(Collected data entries)
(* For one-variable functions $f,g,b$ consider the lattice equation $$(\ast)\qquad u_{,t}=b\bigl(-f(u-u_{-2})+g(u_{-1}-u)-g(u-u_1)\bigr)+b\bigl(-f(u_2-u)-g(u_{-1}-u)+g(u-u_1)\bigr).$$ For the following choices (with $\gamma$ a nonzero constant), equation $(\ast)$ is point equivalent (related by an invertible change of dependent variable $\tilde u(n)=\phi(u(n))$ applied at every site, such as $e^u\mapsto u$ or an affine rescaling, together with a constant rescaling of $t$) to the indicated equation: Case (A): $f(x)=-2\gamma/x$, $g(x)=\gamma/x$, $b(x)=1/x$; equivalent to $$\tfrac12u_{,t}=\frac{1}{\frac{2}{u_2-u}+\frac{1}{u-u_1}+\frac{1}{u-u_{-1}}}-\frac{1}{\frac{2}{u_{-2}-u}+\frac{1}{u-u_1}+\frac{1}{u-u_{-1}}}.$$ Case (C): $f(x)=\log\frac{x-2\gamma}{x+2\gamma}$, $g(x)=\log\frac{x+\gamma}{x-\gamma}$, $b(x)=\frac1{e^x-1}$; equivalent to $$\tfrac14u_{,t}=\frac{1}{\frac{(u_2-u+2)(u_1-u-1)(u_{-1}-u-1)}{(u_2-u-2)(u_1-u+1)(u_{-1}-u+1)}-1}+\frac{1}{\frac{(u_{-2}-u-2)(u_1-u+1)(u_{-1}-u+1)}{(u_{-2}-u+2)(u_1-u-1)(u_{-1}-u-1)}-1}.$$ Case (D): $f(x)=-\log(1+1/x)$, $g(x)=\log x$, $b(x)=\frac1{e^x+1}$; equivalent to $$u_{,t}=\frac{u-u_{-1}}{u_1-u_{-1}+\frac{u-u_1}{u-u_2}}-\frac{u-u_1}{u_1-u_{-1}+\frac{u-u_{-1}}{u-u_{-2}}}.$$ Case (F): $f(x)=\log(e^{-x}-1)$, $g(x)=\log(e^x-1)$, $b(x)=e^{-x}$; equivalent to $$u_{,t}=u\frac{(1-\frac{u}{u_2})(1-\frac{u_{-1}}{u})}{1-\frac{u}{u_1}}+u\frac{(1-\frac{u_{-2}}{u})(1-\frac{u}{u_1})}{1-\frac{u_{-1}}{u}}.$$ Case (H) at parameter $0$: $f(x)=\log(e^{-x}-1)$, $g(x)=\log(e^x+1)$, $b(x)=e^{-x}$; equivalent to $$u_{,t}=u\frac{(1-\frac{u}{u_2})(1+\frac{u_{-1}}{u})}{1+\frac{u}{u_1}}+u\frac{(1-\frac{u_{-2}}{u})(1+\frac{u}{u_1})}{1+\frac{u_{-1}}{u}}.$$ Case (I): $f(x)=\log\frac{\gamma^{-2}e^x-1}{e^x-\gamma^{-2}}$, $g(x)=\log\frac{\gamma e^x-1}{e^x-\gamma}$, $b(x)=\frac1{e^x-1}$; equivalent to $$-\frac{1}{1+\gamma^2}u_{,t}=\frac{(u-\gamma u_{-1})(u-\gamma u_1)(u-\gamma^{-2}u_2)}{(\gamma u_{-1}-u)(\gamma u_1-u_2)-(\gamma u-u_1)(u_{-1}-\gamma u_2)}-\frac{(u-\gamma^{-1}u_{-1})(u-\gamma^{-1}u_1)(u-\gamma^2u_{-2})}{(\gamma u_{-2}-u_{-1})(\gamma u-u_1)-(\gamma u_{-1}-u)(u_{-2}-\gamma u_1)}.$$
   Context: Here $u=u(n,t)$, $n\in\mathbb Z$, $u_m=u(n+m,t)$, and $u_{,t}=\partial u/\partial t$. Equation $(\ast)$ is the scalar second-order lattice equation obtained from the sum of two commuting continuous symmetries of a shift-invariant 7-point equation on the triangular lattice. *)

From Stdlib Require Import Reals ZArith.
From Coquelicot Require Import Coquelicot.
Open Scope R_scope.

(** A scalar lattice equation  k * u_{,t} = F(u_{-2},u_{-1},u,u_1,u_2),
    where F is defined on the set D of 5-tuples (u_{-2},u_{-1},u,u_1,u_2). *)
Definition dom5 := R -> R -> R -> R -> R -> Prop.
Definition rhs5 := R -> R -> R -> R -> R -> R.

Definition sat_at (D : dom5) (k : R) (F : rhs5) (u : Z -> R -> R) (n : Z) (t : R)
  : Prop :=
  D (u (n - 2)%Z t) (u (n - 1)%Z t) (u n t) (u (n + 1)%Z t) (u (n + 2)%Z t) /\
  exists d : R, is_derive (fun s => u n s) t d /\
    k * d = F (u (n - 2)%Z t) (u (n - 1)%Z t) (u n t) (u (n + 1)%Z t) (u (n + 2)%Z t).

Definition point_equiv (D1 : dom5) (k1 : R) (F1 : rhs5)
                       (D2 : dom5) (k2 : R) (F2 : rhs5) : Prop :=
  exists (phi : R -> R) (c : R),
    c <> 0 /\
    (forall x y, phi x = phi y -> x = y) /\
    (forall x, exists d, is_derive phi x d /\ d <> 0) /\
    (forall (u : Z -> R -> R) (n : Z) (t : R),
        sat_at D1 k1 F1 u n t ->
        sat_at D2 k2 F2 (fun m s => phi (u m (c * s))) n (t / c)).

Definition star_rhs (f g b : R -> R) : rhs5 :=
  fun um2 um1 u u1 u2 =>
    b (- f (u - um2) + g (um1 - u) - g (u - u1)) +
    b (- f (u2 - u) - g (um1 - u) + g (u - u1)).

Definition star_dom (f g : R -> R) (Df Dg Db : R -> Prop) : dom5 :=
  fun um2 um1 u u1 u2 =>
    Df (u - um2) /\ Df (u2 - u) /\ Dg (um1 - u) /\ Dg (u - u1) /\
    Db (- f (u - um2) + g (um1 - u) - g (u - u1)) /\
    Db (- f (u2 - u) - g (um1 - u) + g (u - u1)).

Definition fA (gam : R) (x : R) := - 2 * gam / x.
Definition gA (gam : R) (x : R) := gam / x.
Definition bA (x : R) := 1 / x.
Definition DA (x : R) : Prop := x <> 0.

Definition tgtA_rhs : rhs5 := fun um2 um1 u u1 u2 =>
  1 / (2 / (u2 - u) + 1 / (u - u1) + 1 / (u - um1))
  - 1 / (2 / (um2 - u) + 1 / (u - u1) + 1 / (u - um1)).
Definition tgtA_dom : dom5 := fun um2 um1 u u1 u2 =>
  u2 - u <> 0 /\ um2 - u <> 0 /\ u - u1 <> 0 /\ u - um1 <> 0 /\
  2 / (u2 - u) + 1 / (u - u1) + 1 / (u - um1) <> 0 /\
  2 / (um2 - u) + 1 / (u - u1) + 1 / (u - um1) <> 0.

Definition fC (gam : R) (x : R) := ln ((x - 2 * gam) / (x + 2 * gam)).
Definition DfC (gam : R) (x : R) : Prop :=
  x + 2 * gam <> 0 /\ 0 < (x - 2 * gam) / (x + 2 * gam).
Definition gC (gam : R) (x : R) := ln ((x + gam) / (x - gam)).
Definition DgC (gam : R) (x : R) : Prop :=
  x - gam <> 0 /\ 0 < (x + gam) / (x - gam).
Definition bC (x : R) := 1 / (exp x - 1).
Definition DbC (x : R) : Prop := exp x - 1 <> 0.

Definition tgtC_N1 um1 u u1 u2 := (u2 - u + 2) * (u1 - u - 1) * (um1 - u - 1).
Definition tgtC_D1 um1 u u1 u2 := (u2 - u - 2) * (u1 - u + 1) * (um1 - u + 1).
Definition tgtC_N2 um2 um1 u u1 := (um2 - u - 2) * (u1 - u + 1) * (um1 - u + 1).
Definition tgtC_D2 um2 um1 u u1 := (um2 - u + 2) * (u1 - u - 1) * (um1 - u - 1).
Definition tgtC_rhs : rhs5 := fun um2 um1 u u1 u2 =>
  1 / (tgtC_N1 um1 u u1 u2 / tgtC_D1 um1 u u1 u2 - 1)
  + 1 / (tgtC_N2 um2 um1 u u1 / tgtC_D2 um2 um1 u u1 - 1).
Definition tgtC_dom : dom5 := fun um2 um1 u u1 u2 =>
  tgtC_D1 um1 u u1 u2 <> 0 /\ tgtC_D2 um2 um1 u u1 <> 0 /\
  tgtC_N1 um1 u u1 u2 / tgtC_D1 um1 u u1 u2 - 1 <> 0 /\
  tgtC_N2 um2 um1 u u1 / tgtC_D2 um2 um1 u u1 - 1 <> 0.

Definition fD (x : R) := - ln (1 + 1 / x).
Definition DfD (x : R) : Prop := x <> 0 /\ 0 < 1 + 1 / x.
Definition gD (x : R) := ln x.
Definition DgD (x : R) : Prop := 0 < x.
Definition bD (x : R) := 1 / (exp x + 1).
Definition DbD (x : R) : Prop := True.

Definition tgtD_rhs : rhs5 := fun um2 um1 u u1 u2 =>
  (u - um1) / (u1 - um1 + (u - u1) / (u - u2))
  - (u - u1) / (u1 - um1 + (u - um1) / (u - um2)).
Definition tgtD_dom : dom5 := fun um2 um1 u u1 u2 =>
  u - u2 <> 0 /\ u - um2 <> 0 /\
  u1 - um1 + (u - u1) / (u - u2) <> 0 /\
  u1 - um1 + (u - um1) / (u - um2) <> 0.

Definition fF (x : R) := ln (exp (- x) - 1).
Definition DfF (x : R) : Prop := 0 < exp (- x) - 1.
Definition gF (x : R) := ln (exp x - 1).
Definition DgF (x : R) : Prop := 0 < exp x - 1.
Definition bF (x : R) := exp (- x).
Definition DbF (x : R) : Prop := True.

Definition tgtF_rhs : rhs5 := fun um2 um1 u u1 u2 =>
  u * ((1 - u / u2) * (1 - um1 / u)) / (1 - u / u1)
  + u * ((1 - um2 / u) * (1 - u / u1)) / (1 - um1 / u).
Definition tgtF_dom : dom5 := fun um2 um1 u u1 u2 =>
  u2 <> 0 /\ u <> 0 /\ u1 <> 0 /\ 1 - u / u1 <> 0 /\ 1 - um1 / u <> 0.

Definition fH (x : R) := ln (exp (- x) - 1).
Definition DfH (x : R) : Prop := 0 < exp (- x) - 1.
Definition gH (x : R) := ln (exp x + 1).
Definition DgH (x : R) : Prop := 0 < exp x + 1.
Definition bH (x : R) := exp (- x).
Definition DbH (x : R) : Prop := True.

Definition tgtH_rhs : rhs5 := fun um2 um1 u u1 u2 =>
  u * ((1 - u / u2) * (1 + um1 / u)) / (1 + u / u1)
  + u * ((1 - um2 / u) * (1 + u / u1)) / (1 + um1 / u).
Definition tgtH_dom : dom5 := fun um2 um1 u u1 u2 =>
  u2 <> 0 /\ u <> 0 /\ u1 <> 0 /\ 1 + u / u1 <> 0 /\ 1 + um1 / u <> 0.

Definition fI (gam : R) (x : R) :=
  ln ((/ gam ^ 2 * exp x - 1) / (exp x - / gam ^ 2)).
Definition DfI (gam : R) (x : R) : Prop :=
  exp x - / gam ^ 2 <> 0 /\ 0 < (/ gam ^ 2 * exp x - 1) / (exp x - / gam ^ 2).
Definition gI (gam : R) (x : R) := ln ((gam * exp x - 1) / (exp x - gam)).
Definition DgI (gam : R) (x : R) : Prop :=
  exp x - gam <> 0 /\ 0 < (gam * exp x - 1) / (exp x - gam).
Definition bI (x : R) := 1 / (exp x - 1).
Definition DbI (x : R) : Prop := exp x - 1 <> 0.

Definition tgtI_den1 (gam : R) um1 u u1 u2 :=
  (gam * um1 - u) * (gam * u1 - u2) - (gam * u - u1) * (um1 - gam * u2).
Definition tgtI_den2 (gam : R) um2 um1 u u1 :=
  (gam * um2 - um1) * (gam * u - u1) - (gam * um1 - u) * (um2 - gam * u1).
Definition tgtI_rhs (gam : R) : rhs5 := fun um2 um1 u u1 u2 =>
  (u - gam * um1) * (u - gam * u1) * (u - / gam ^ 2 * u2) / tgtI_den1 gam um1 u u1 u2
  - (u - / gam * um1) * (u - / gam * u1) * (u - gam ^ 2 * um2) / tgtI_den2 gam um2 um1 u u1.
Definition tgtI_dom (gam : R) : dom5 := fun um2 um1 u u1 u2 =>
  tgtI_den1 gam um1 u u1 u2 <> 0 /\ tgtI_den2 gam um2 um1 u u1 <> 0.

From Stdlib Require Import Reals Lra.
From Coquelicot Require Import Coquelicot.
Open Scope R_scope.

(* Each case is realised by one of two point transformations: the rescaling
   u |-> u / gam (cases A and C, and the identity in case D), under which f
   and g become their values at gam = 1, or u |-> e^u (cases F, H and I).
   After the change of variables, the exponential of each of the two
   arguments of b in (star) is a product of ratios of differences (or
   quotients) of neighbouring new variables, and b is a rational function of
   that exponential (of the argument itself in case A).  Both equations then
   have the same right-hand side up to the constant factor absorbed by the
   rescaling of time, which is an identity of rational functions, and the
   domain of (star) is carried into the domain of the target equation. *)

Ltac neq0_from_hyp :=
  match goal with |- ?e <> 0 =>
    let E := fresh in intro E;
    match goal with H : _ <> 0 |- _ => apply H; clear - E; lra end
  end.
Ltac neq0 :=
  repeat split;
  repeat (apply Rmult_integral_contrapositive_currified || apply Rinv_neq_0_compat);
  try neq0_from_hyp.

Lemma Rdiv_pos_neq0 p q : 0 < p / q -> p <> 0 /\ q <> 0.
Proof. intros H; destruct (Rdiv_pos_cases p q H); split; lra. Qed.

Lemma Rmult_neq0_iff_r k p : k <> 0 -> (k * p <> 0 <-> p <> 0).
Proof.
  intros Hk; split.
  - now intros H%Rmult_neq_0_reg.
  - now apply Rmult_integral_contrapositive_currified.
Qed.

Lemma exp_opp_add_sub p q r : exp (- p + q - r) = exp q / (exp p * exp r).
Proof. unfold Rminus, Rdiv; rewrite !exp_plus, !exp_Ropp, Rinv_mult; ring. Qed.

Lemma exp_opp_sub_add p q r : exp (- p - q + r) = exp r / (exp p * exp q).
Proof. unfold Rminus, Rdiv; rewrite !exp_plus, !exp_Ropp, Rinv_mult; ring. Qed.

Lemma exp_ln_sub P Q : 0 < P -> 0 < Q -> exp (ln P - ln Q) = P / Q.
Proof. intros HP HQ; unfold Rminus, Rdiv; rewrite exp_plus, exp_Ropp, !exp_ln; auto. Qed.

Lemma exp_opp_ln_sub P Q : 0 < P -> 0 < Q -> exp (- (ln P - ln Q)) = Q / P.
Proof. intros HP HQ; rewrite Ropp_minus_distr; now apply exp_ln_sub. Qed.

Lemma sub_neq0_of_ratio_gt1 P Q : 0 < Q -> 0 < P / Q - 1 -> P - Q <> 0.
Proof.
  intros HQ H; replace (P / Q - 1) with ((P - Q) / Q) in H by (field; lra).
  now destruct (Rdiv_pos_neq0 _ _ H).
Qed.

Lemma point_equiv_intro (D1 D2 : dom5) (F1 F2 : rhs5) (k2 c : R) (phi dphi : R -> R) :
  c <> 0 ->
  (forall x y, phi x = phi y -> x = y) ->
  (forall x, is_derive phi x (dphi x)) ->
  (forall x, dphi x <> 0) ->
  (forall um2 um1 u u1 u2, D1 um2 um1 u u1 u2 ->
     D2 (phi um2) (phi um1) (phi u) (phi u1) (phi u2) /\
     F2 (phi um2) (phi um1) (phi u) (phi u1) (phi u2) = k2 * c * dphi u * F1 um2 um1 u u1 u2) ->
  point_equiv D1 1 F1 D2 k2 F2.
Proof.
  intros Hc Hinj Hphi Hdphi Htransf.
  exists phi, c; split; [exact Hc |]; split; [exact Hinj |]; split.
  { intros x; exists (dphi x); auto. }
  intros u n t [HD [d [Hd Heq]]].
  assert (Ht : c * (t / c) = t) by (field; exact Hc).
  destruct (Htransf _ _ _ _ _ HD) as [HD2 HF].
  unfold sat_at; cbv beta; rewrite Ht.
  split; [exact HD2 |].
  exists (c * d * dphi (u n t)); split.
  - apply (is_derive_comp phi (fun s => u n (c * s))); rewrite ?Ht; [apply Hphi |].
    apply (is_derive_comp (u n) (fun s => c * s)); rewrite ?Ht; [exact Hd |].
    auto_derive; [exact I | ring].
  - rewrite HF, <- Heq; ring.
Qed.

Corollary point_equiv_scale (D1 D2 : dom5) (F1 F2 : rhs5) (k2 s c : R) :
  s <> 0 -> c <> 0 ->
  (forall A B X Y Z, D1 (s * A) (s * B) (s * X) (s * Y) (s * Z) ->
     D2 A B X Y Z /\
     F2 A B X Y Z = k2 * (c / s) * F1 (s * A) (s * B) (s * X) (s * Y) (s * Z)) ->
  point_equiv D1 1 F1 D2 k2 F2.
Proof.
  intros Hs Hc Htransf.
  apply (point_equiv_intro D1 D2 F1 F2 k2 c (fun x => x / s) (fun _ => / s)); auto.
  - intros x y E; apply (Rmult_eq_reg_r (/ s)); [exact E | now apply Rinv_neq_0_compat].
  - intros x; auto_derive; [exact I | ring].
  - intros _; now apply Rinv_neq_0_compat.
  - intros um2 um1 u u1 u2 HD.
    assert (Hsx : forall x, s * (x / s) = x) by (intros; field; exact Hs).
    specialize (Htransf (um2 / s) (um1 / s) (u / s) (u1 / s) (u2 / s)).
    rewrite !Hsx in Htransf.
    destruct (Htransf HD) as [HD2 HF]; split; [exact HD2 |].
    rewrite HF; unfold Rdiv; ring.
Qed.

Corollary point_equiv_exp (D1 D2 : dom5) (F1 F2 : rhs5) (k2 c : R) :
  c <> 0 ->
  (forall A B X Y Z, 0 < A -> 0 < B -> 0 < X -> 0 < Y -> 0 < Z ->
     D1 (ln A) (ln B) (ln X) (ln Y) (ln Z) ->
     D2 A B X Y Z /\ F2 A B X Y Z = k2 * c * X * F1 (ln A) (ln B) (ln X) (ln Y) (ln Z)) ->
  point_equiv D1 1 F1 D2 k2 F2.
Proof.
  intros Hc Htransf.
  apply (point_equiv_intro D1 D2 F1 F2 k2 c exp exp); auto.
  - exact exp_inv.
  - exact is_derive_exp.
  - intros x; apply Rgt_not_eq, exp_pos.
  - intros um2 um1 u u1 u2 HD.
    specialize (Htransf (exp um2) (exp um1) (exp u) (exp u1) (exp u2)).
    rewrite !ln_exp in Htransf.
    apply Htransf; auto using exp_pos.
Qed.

#### Your task:
Give the exact lines, and only those, from the line containing "Definition tgtA_rhs : rhs5" through the line containing "x + 2 * gam <>" in the entries above.

#### Result for this exercise:
Definition tgtA_rhs : rhs5 := fun um2 um1 u u1 u2 =>
  1 / (2 / (u2 - u) + 1 / (u - u1) + 1 / (u - um1))
  - 1 / (2 / (um2 - u) + 1 / (u - u1) + 1 / (u - um1)).
Definition tgtA_dom : dom5 := fun um2 um1 u u1 u2 =>
  u2 - u <> 0 /\ um2 - u <> 0 /\ u - u1 <> 0 /\ u - um1 <> 0 /\
  2 / (u2 - u) + 1 / (u - u1) + 1 / (u - um1) <> 0 /\
  2 / (um2 - u) + 1 / (u - u1) + 1 / (u - um1) <> 0.

Definition fC (gam : R) (x : R) := ln ((x - 2 * gam) / (x + 2 * gam)).
Definition DfC (gam : R) (x : R) : Prop :=
  x + 2 * gam <> 0 /\ 0 < (x - 2 * gam) / (x + 2 * gam).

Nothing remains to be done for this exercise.